Я всё приставал к отцу, спрашивал, почему бунтовали матросы.
– А ты разве не слыхал, – отвечал отец, – что рассказывал дядя Фёдор о матросской жизни?
От этакой жизни забунтуешь!.. Терпит, терпит человек, а потом уж у него и терпежу не хватает…
Из разговоров отца с матерью я узнал, что арестовали и дядю Фёдора.
«За что арестовали этого весёлого, доброго человека? Не мог он сделать что-нибудь
плохое!» – думал я, вспоминая его улыбку, блеск его глаз.
Товарищ, мы едем далёко,
Подальше от нашей земли… –
вспоминался мне его глуховатый голос.
На глазах у матери я часто видел слёзы. Отец приходил по вечерам с работы сумрачный,
неразговорчивый.
Может быть, это было первое ощущение несправедливости, первое зерно внутреннего
протеста, зароненное «бунтом» матросов в мальчишескую душу.
И зерно это не заглохло. Этому способствовали и время – бурные годы нараставшей и
крепнувшей революционной борьбы, – в которое прошли мои детство и отрочество, и среда –
простой рабочий народ, с которым я жил одной жизнью.
5
Осенью 1904 года наша семья снова отправилась в дальнее путешествие – на этот раз с
севера на юг. Отца перевели в Севастополь, на постройку нового большого военного корабля.
Снова мы увидели тёплое южное море.
За время нашей жизни в Кронштадте я не только привык к неярким, неласковым просторам
Балтики, но и полюбил их своеобразную, суровую красоту. И всё же южное море, щедрое теплом,
светом, красками, было как-то ближе, роднее – должно быть, по воспоминаниям раннего детства.
Когда я увидел его синий простор, ощутил на лице его тёплое, мягкое дыхание, это было как
ласка, как привет старого друга после длительной разлуки!
В Севастополе мы поселились в Корабельной слободке, населённой в те времена рабочим
людом – семьями моряков, рабочих, рыбаков, – в ветхом флигельке из двух комнатёнок,
стоявшем в глубине двора, в кустах сирени и акации.
Мать повеселела, расцвела. Два дня она мыла и скребла наше новое жилище и внутри и
снаружи. Она уже мечтала о том, как вскопает грядки под небольшой огородик, заведёт курочек.
Отец тоже был весел и доволен. Насвистывая, он строгал раздобытые им где-то старые
доски, пилил, стучал молотком – ладил скамьи, полки, табуретки, даже топчан смастерил.
У меня скоро завелись приятели среди соседских ребятишек, и я целыми днями пропадал
из дому – то бродил с новыми друзьями по улицам незнакомого мне города, то шатался в шумном
порту.
Здесь, так же как и в Сухуми, у прибрежных камней плескалось тёплое синее море, на
холмах зеленели сады, виноградники, было много цветов, зелени.
На рейде, на ослепительно голубом шелку бухты, стояли серые стальные громады военных
кораблей.

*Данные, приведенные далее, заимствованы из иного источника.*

Definition exp_change (R : realType) (n : nat) (Nw : 'I_n -> nat) (D : 'I_n -> R)
  (P : probability R R) (a : R) (w : 'I_n -> R)
  (pi : 'I_(totalN Nw) -> slot Nw) : \bar R :=
  (\sum_(k1 < totalN Nw) \sum_(k2 < totalN Nw)
     (qslot D (pi k1) * qslot D (pi k2))%:E *
     \int[P]_ww (Phi a (xs Nw (add_load w (tag (pi (later k1 k2))) ww) pi)
                 - Phi a (xs Nw w pi))%:E)%E.

Arguments exp_change {R n} Nw D P a w pi.

From HB Require Import structures.
From mathcomp Require Import all_boot all_order all_algebra.
From mathcomp Require Import all_classical all_reals all_analysis.
From mathcomp Require Import measurable_realfun ring lra.
Import Order.TTheory GRing.Theory Num.Theory.
Import numFieldNormedType.Exports.
Local Open Scope ring_scope.
Set Implicit Arguments. Unset Strict Implicit. Unset Printing Implicit Defensive.

(* Write E_k = e^(a x_k) and let M be the moment generating function of the
   ball weight W.  Putting weight W into bin b moves the k-th normalised slot
   value by W u_k, where u_k = [bin k = b]/N_b - 1/N, so given the selected bin
   the expected change of Phi is sum_k E_k (M(a u_k) - 1).  Since M(0) = M'(0) = 1
   and M'' <= 2S on (-lam/2, lam/2), Taylor's theorem gives
   M(z) - 1 <= z + S z^2 for |z| <= a, and
   a u_k + S (a u_k)^2 <= [bin k = b]/N_b (a + S a^2) - (a/N - S a^2/N^2).
   The first term, summed over the N_b slots of bin b, leaves E_b (a + S a^2);
   averaging over the selected slot turns it into sum_i p_i (a + S a^2) E_i. *)

Section real_analysis.
Variable R : realType.
Implicit Types (f df : R -> R) (c S x y z : R).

На улицах, в порту, на набережной было много матросов в белых блузах с синими
воротниками. Это напоминало Кронштадт, только всё здесь было ярче, нарядней, праздничней.

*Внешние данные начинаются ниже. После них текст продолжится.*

(* Let $\{e_k:k\in\mathbb N\}$ be an orthonormal basis of $X$, and for every $k\in\mathbb N$ let $\mu_k$ be a real valued Borel measure on $X$ such that, setting $M_n(B):=\sum_{k=1}^n\mu_k(B)e_k$ for $n\in\mathbb N$ and Borel $B\subset X$, we have $\sup_{n\in\mathbb N}|M_n|(X)=:C<+\infty$. Then there exists $M\in\mathcal M(X,X)$ with $|M|(X)\le C$ and $\langle M(B),e_k\rangle=\mu_k(B)$ for all $k\in\mathbb N$ and Borel $B$; in particular $M(B)=\sum_{k=1}^\infty\mu_k(B)e_k$ for every Borel set $B$.
   Context: $X$ is a separable real Hilbert space. $\mathcal M(X,X)$ is the space of countably additive $X$-valued Borel measures $m$ on $X$ with finite total variation, where for an $X$-valued Borel measure $m$, $|m|(B):=\sup\sum_n\|m(B_n)\|$, the supremum over all at most countable partitions of $B$ into pairwise disjoint Borel sets. *)

From HB Require Import structures.
From mathcomp Require Import all_boot all_order all_algebra.
From mathcomp Require Import all_classical all_reals all_analysis.
Set Implicit Arguments. Unset Strict Implicit. Unset Printing Implicit Defensive.
Import Order.TTheory GRing.Theory Num.Theory.
Import numFieldNormedType.Exports.
Local Open Scope classical_set_scope.
Local Open Scope ring_scope.

(* A real Hilbert space: a complete real normed space whose norm comes from
   an inner product [ip] (symmetric, bilinear, <x,x> = ||x||^2). *)
Definition is_inner_product (R : realType) (X : completeNormedModType R)
  (ip : X -> X -> R) : Prop :=
  [/\ (forall x y, ip x y = ip y x),
      (forall a x y z, ip (a *: x + y) z = a * ip x z + ip y z) &
      (forall x, ip x x = `|x| ^+ 2)].

Definition orthonormal_basis (R : realType) (X : completeNormedModType R)
  (ip : X -> X -> R) (e : nat -> X) : Prop :=
  (forall i j, ip (e i) (e j) = (i == j)%:R) /\
  closure [set x | exists n (c : nat -> R), x = \sum_(k < n) c k *: e k]
    = [set: X].

Definition Borel (T : topologicalType) : set (set T) := <<s [set U | open U] >>.

(* countable Borel partitions of B (finite partitions = padding with set0) *)
Definition borel_partition (T : topologicalType) (B : set T) (F : nat -> set T)
  : Prop :=
  [/\ (forall n, Borel (F n)), trivIset setT F & \bigcup_n F n = B].

Definition real_measure (R : realType) (T : topologicalType) (mu : set T -> R)
  : Prop :=
  mu set0 = 0 /\
  forall F : nat -> set T, (forall n, Borel (F n)) -> trivIset setT F ->
    (fun n => \sum_(k < n) mu (F k)) @ \oo --> mu (\bigcup_k F k).

Definition vector_measure (R : realType) (T : topologicalType)
  (V : normedModType R) (m : set T -> V) : Prop :=
  m set0 = 0 /\
  forall F : nat -> set T, (forall n, Borel (F n)) -> trivIset setT F ->
    (fun n => \sum_(k < n) m (F k)) @ \oo --> m (\bigcup_k F k).

Definition vtotal_variation (R : realType) (T : topologicalType)
  (V : normedModType R) (m : set T -> V) (B : set T) : \bar R :=
  ereal_sup [set x | exists F, borel_partition B F /\
                     x = (\sum_(0 <= n <oo) (`|m (F n)|)%:E)%E].

Definition partial_vmeasure (R : realType) (T : topologicalType)
  (V : normedModType R) (mu : nat -> set T -> R) (e : nat -> V) (n : nat)
  : set T -> V :=
  fun B => \sum_(k < n) mu k B *: e k.

(* The partial sums M_n(B) = sum_(k < n) mu_k(B) e_k satisfy
   ||M_n(B)||^2 = sum_(k < n) mu_k(B)^2 <= C^2, so by completeness of X they
   converge to some M(B), whose coefficients are <M(B), e_k> = mu_k(B).
   Finite sums sum_j ||M(B_j)|| over disjoint Borel sets are limits of the
   corresponding sums for M_n, hence bounded by C; this bounds |M|(X) by C
   and makes sum_j M(B_j) absolutely convergent. Its limit has the same
   coefficients mu_k(U_j B_j) as M(U_j B_j), so the two agree because the
   e_k form a basis: M is countably additive. *)

From HB Require Import structures.
From mathcomp Require Import all_boot all_order all_algebra.
From mathcomp Require Import all_classical all_reals all_analysis.
From mathcomp Require Import lra.
Import Order.TTheory GRing.Theory Num.Theory.
Import numFieldNormedType.Exports.
Local Open Scope classical_set_scope.
Local Open Scope ring_scope.

Section InnerProduct.
Context {R : realType} {X : completeNormedModType R} {ip : X -> X -> R}.
Hypothesis ipP : is_inner_product ip.

Lemma ipC x y : ip x y = ip y x. Proof. by case: ipP. Qed.

Lemma ipxx x : ip x x = `|x| ^+ 2. Proof. by case: ipP. Qed.

Lemma ipDl x y z : ip (x + y) z = ip x z + ip y z.
Proof. by case: ipP => _ lin _; have := lin 1 x y z; rewrite scale1r mul1r. Qed.

Lemma ip0l z : ip 0 z = 0.
Proof. by have := ipDl 0 0 z; rewrite addr0; lra. Qed.

Lemma ipZl a x z : ip (a *: x) z = a * ip x z.
Proof. by case: ipP => _ lin _; rewrite -[a *: x]addr0 lin ip0l addr0. Qed.

Lemma ipBl x y z : ip (x - y) z = ip x z - ip y z.
Proof. by rewrite ipDl -scaleN1r ipZl mulN1r. Qed.

Lemma ip_suml I (s : seq I) (f : I -> X) z :
  ip (\sum_(i <- s) f i) z = \sum_(i <- s) ip (f i) z.
Proof. exact: (big_morph (ip^~ z) (fun x y => ipDl x y z) (ip0l z)). Qed.

Lemma ipZr a x z : ip z (a *: x) = a * ip z x.
Proof. by rewrite ipC ipZl ipC. Qed.

Lemma ip_sumr I (s : seq I) (f : I -> X) z :
  ip z (\sum_(i <- s) f i) = \sum_(i <- s) ip z (f i).
Proof. by rewrite ipC ip_suml; apply: eq_bigr => i _; rewrite ipC. Qed.

Lemma ip_polarization x y : ip x y = (`|x + y| ^+ 2 - `|x - y| ^+ 2) / 4.
Proof.
rewrite -!ipxx !ipBl !ipDl ![ip _ (_ - _)]ipC ![ip _ (_ + _)]ipC !ipBl !ipDl.
rewrite (ipC y x); lra.
Qed.

Lemma continuous_ipr x : continuous (ip x).
Proof.
have -> : ip x = fun y => (`|x + y| ^+ 2 - `|x - y| ^+ 2) / 4.
  by apply/funext => y; exact: ip_polarization.
move=> y; apply: cvgM; last exact: cvg_cst.
apply: cvgB; rewrite expr2; apply: cvgM; apply: cvg_norm;
  by [exact: cvgD (cvg_cst _) cvg_id | exact: cvgB (cvg_cst _) cvg_id].
Qed.

Lemma continuous_ipl z : continuous (ip^~ z).
Proof.
have -> : ip^~ z = ip z by apply/funext => x; rewrite ipC.
exact: continuous_ipr.
Qed.

End InnerProduct.

Section OrthonormalBasis.
Context {R : realType} {X : completeNormedModType R} {ip : X -> X -> R}
  {e : nat -> X}.
Hypotheses (ipP : is_inner_product ip) (eP : orthonormal_basis ip e).

Lemma ip_basis i j : ip (e i) (e j) = (i == j)%:R.
Proof. by case: eP. Qed.

Lemma ip_sum_basis (s : seq nat) (c : nat -> R) j : uniq s -> j \in s ->
  ip (\sum_(k <- s) c k *: e k) (e j) = c j.
Proof.
move=> s_uniq sj; rewrite (ip_suml ipP) (bigD1_seq j) //= (ipZl ipP).
rewrite ip_basis eqxx mulr1 big1 ?addr0 // => k /negPf kj.
by rewrite (ipZl ipP) ip_basis kj mulr0.
Qed.

Lemma norm_sum_basis (s : seq nat) (c : nat -> R) : uniq s ->
  `|\sum_(k <- s) c k *: e k| ^+ 2 = \sum_(k <- s) c k ^+ 2.
Proof.
move=> s_uniq; rewrite -(ipxx ipP) (ip_sumr ipP); apply: eq_big_seq => j sj.
by rewrite (ipZr ipP) ip_sum_basis // expr2.
Qed.

Lemma cvg_sum_basis (c : nat -> R) K :
  (forall n, \sum_(k < n) c k ^+ 2 <= K) ->
  cvgn (fun n => \sum_(k < n) c k *: e k).
Proof.
move=> c2_bounded.
have -> : (fun n => \sum_(k < n) c k *: e k) = series (fun k => c k *: e k).
  by rewrite seriesEord.
apply/cauchy_cvgP/cauchy_seriesP => eps eps_gt0.
have : cvgn (series (fun k => c k ^+ 2)).
  apply: nondecreasing_is_cvgn.
    by apply: nondecreasing_series => k _ _; exact: sqr_ge0.
  by exists K => _ [n _ <-]; rewrite seriesEord /=; exact: c2_bounded.
move=> /cauchy_cvgP/cauchy_seriesP /(_ (eps ^+ 2) (exprn_gt0 _ eps_gt0)).
apply: filterS => -[m n] /= small.
rewrite -(@ltr_pXn2r _ 2) ?nnegrE ?normr_ge0 ?ltW //.
rewrite norm_sum_basis ?iota_uniq //.
exact: le_lt_trans (ler_norm _) small.
Qed.

Lemma basis_coef_inj x y : (forall k, ip x (e k) = ip y (e k)) -> x = y.
Proof.
move=> same_coef; apply/eqP.
rewrite -subr_eq0 -normr_eq0 -sqrf_eq0 -(ipxx ipP).
set v := x - y.
have span_orth : [set z | exists n (c : nat -> R), z = \sum_(k < n) c k *: e k]
    `<=` ip v @^-1` [set 0].
  move=> _ [n [c ->]] /=; rewrite (ip_sumr ipP) big1 // => k _.
  by rewrite (ipZr ipP) (ipBl ipP) same_coef subrr mulr0.
have orth_closed : closed (ip v @^-1` [set 0]).
  apply: preimage_closed => [z _|]; [exact: continuous_ipr | exact: closed_eq].
move: (closureS span_orth).
rewrite (proj2 eP) -((closure_id _).1 orth_closed).
by move=> /(_ v I) /= ->.
Qed.

End OrthonormalBasis.

Section TotalVariation.
Context {R : realType} {T : topologicalType} {V : normedModType R}
  (m : set T -> V).

Lemma sum_norm_le_vtotal_variation (F : nat -> set T) J :
  (forall n, Borel (F n)) -> trivIset setT F ->
  (\sum_(j < J) (`|m (F j)|)%:E <= vtotal_variation m [set: T])%E.
Proof.
move=> F_Borel F_disj.
pose G j := if j is j'.+1 then F j' else ~` \bigcup_i F i.
have G_partition : borel_partition [set: T] G.
  split.
  - case=> [|j] //=; rewrite -setTD.
    by apply: sigma_algebraCD; apply: sigma_algebra_bigcup.
  - move=> [|i] [|j] _ _ [x [/= Gix Gjx]] //.
    + by case: Gix; exists j.
    + by case: Gjx; exists i.
    + by congr S; apply: F_disj => //; exists x.
  - apply/seteqP; split=> // x _.
    have [[j _ Fjx]|nFx] := pselect ((\bigcup_j F j) x); first by exists j.+1.
    by exists 0%N.
apply: le_trans (ereal_sup_ubound _); last by exists G.
apply: le_trans (nneseries_lim_ge J.+1 _) => [|j _ _]; last first.
  by rewrite lee_fin.
by rewrite big_nat_recl //= big_mkord leeDr // lee_fin.
Qed.

Lemma vtotal_variation_le (c : R) (B : set T) :
  (forall (F : nat -> set T) J, (forall n, Borel (F n)) -> trivIset setT F ->
    \sum_(j < J) `|m (F j)| <= c) ->
  (vtotal_variation m B <= c%:E)%E.
Proof.
move=> disj_sum_le; apply: ge_ereal_sup => _ [F [[F_Borel F_disj _] ->]].
apply: lime_le; first by apply: is_cvg_nneseries => n _ _; rewrite lee_fin.
by apply: nearW => J; rewrite sumEFin lee_fin big_mkord; exact: disj_sum_le.
Qed.

End TotalVariation.

Definition lim_vmeasure {R : realType} {T : topologicalType}
  {V : normedModType R} (mu : nat -> set T -> R) (e : nat -> V) : set T -> V :=
  fun B => lim (partial_vmeasure mu e n B @[n --> \oo]).

Section LimitMeasure.
Context {R : realType} {X : completeNormedModType R} {ip : X -> X -> R}
  {e : nat -> X} {mu : nat -> set X -> R} {C : R}.
Hypotheses (ipP : is_inner_product ip) (eP : orthonormal_basis ip e).
Hypothesis muP : forall k, real_measure (mu k).
Hypothesis partial_tv_le :
  forall n, (vtotal_variation (partial_vmeasure mu e n) [set: X] <= C%:E)%E.

Let M := lim_vmeasure mu e.

Lemma partial_disjoint_sum_le (F : nat -> set X) J n :
  (forall j, Borel (F j)) -> trivIset setT F ->
  \sum_(j < J) `|partial_vmeasure mu e n (F j)| <= C.
Proof.
move=> F_Borel F_disj; rewrite -lee_fin -sumEFin.
apply: le_trans (partial_tv_le n).
by apply: sum_norm_le_vtotal_variation.
Qed.

Lemma partial_norm_le n B : Borel B -> `|partial_vmeasure mu e n B| <= C.
Proof.
move=> B_Borel; pose F j := if j is 0 then B else set0.
have := @partial_disjoint_sum_le F 1 n; rewrite big_ord1; apply.
- by case=> [|j] //=; exact: sigma_algebra0.
- by move=> [|i] [|j] _ _ [x [/= Fix Fjx]].
Qed.

Lemma cvg_partial_vmeasure B : Borel B ->
  partial_vmeasure mu e n B @[n --> \oo] --> M B.
Proof.
move=> B_Borel; apply: (cvg_sum_basis ipP eP (mu^~ B) (C ^+ 2)) => n.
have := norm_sum_basis ipP eP (index_iota 0 n) (mu^~ B) (iota_uniq 0 (n - 0)).
rewrite !big_mkord => <-.
have := partial_norm_le n B B_Borel.
have := normr_ge0 (partial_vmeasure mu e n B).
rewrite /partial_vmeasure; nra.
Qed.

Lemma lim_vmeasure_coef k B : Borel B -> ip (M B) (e k) = mu k B.
Proof.
move=> B_Borel.
have coef_cvg :
    ip (partial_vmeasure mu e n B) (e k) @[n --> \oo] --> ip (M B) (e k).
  apply: continuous_cvg (continuous_ipl ipP (e k) _) _.
  exact: cvg_partial_vmeasure.
have coef_ultimately :
    \forall n \near \oo, ip (partial_vmeasure mu e n B) (e k) = mu k B.
  apply: filterS (nbhs_infty_gt k) => n kn.
  have := ip_sum_basis ipP eP (index_iota 0 n) (mu^~ B) k
    (iota_uniq 0 (n - 0)).
  by rewrite big_mkord mem_iota subn0 kn => ->.
exact: cvg_unique _ coef_cvg (cvg_near_cst _ coef_ultimately).
Qed.

Lemma lim_vmeasure_disjoint_sum_le (F : nat -> set X) J :
  (forall j, Borel (F j)) -> trivIset setT F -> \sum_(j < J) `|M (F j)| <= C.
Proof.
move=> F_Borel F_disj.
have sum_cvg : \sum_(j < J) `|partial_vmeasure mu e n (F j)| @[n --> \oo] -->
    \sum_(j < J) `|M (F j)|.
  apply: cvg_big => [|j _]; first exact: add_continuous.
  exact: cvg_norm (cvg_partial_vmeasure (F j) (F_Borel j)).
apply: cvgr_to_le sum_cvg _; apply: nearW => n.
exact: partial_disjoint_sum_le.
Qed.

Lemma lim_vmeasure_tv_le : (vtotal_variation M [set: X] <= C%:E)%E.
Proof.
by apply: vtotal_variation_le => F J; exact: lim_vmeasure_disjoint_sum_le.
Qed.

Lemma lim_vmeasure0 : M set0 = 0.
Proof.
rewrite /M /lim_vmeasure.
have -> : partial_vmeasure mu e ^~ set0 = fun=> 0.
  by apply/funext => n; apply: big1 => k _; rewrite (proj1 (muP k)) scale0r.
exact: lim_cst.
Qed.

Lemma lim_vmeasure_sigma_additive (F : nat -> set X) :
  (forall j, Borel (F j)) -> trivIset setT F ->
  (fun n => \sum_(k < n) M (F k)) @ \oo --> M (\bigcup_k F k).
Proof.
move=> F_Borel F_disj.
have -> : (fun n => \sum_(k < n) M (F k)) = series (M \o F).
  by rewrite seriesEord.
have series_cvg : cvgn (series (M \o F)).
  apply: normed_cvg; apply: nondecreasing_is_cvgn.
    by apply: nondecreasing_series => k _ _; rewrite normr_ge0.
  exists C => _ [n _ <-]; rewrite /normed_series_of seriesEord /=.
  exact: lim_vmeasure_disjoint_sum_le.
suff -> : M (\bigcup_k F k) = limn (series (M \o F)) by [].
apply: (basis_coef_inj ipP eP) => k.
rewrite lim_vmeasure_coef; last exact: sigma_algebra_bigcup.
have coef_cvg : ip (series (M \o F) n) (e k) @[n --> \oo] -->
    ip (limn (series (M \o F))) (e k).
  exact: continuous_cvg (continuous_ipl ipP (e k) _) series_cvg.
have coef_series : (fun n => ip (series (M \o F) n) (e k)) =
    (fun n => \sum_(j < n) mu k (F j)).
  apply/funext => n; rewrite seriesEord /= (ip_suml ipP).
  by apply: eq_bigr => j _; exact: lim_vmeasure_coef.
rewrite coef_series in coef_cvg.
exact: cvg_unique _ (proj2 (muP k) F F_Borel F_disj) coef_cvg.
Qed.

Lemma lim_vmeasure_vector_measure : vector_measure M.
Proof.
by split; [exact: lim_vmeasure0 | exact: lim_vmeasure_sigma_additive].
Qed.

End LimitMeasure.

Theorem lemma2p8 (R : realType) (X : completeNormedModType R)
  (ip : X -> X -> R) (e : nat -> X) (mu : nat -> set X -> R) (C : R) :
  is_inner_product ip ->
  orthonormal_basis ip e ->
  (forall k, real_measure (mu k)) ->
  ereal_sup [set vtotal_variation (partial_vmeasure mu e n) [set: X] | n in [set: nat]]
    = C%:E ->
  exists M : set X -> X,
    [/\ vector_measure M,
        (vtotal_variation M [set: X] <= C%:E)%E,
        (forall k B, Borel B -> ip (M B) (e k) = mu k B) &
        (forall B, Borel B ->
           (fun n => \sum_(k < n) mu k B *: e k) @ \oo --> M B)].
Proof.
move=> ipP eP muP sup_C.
have partial_tv_le n :
    (vtotal_variation (partial_vmeasure mu e n) [set: X] <= C%:E)%E.
  by rewrite -sup_C; apply: ereal_sup_ubound; exists n.
exists (lim_vmeasure mu e); split.
- exact: lim_vmeasure_vector_measure ipP eP muP partial_tv_le.
- exact: lim_vmeasure_tv_le ipP eP partial_tv_le.
- exact: lim_vmeasure_coef ipP eP partial_tv_le.
- exact: cvg_partial_vmeasure ipP eP partial_tv_le.
Qed.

Мне очень нравился Севастополь – красивый белый город, раскинувшийся на холме.
Нравились его широкие улицы с тенистыми деревьями по обочинам, с большими красивыми
домами. Но, конечно, лучше всего было море, видное из города отовсюду, в какую сторону ни
посмотришь. Спокойная поверхность Южной бухты казалась исчерченной непрестанно
снующими из конца в конец катерами, лодками, яликами.
В глубине Корабельной бухты были в те времена сухие доки, в которые заходили самые
большие корабли. Перед огромным зданием Лазаревских морских казарм возвышался памятник
Лазареву, на котором славный русский флотоводец был изображён без шапки, с подзорной
трубою под левой рукой. От памятника открывался великолепный вид на Адмиралтейство, на лес
мачт и труб, на гранитную набережную, на эллинг (помещение на берегу, где строится или
ремонтируется корпус судна. – Прим. ред.), на огромный плавучий док.
Памятников в городе было много, чуть не на каждом шагу. С невольным почтением
вглядываешься, бывало, в суровые черты бронзовых лиц людей, которые создали бессмертную
славу русского флота.
На площади, против Морского собрания, стоял огромный памятник адмиралу Нахимову.
Меня привлекала необыкновенная простота и в то же время сила этого человека, сутулого, в
скромном сюртуке с эполетами, в небрежно сдвинутой на затылок фуражке. У ног его навеки
застыли бронзовые складки поверженного турецкого знамени.
Самым же удивительным казался мне памятник Тотлебену на Историческом бульваре, где
в дни Севастопольской обороны 1854-1855 годов находился знаменитый Четвёртый бастион.
Пьедестал этого памятника – глыба грубо отёсанного гранита – изображал окопы, изрытые
снарядами. Здесь были бронзовые фигуры солдат, защищающих обвалившийся окоп, сапёров,
орудующих лопатами, минёра с киркой в руках, работающего в минной галерее, матроса около
мортиры (артиллерийское орудие с коротким стволом для навесной стрельбы. – Прим. ред.). Это
были простые люди – те самые матросы и солдаты, которых можно было встретить на каждом
шагу в порту или около казарм. Если им поставлен памятник, – значит, и они герои?..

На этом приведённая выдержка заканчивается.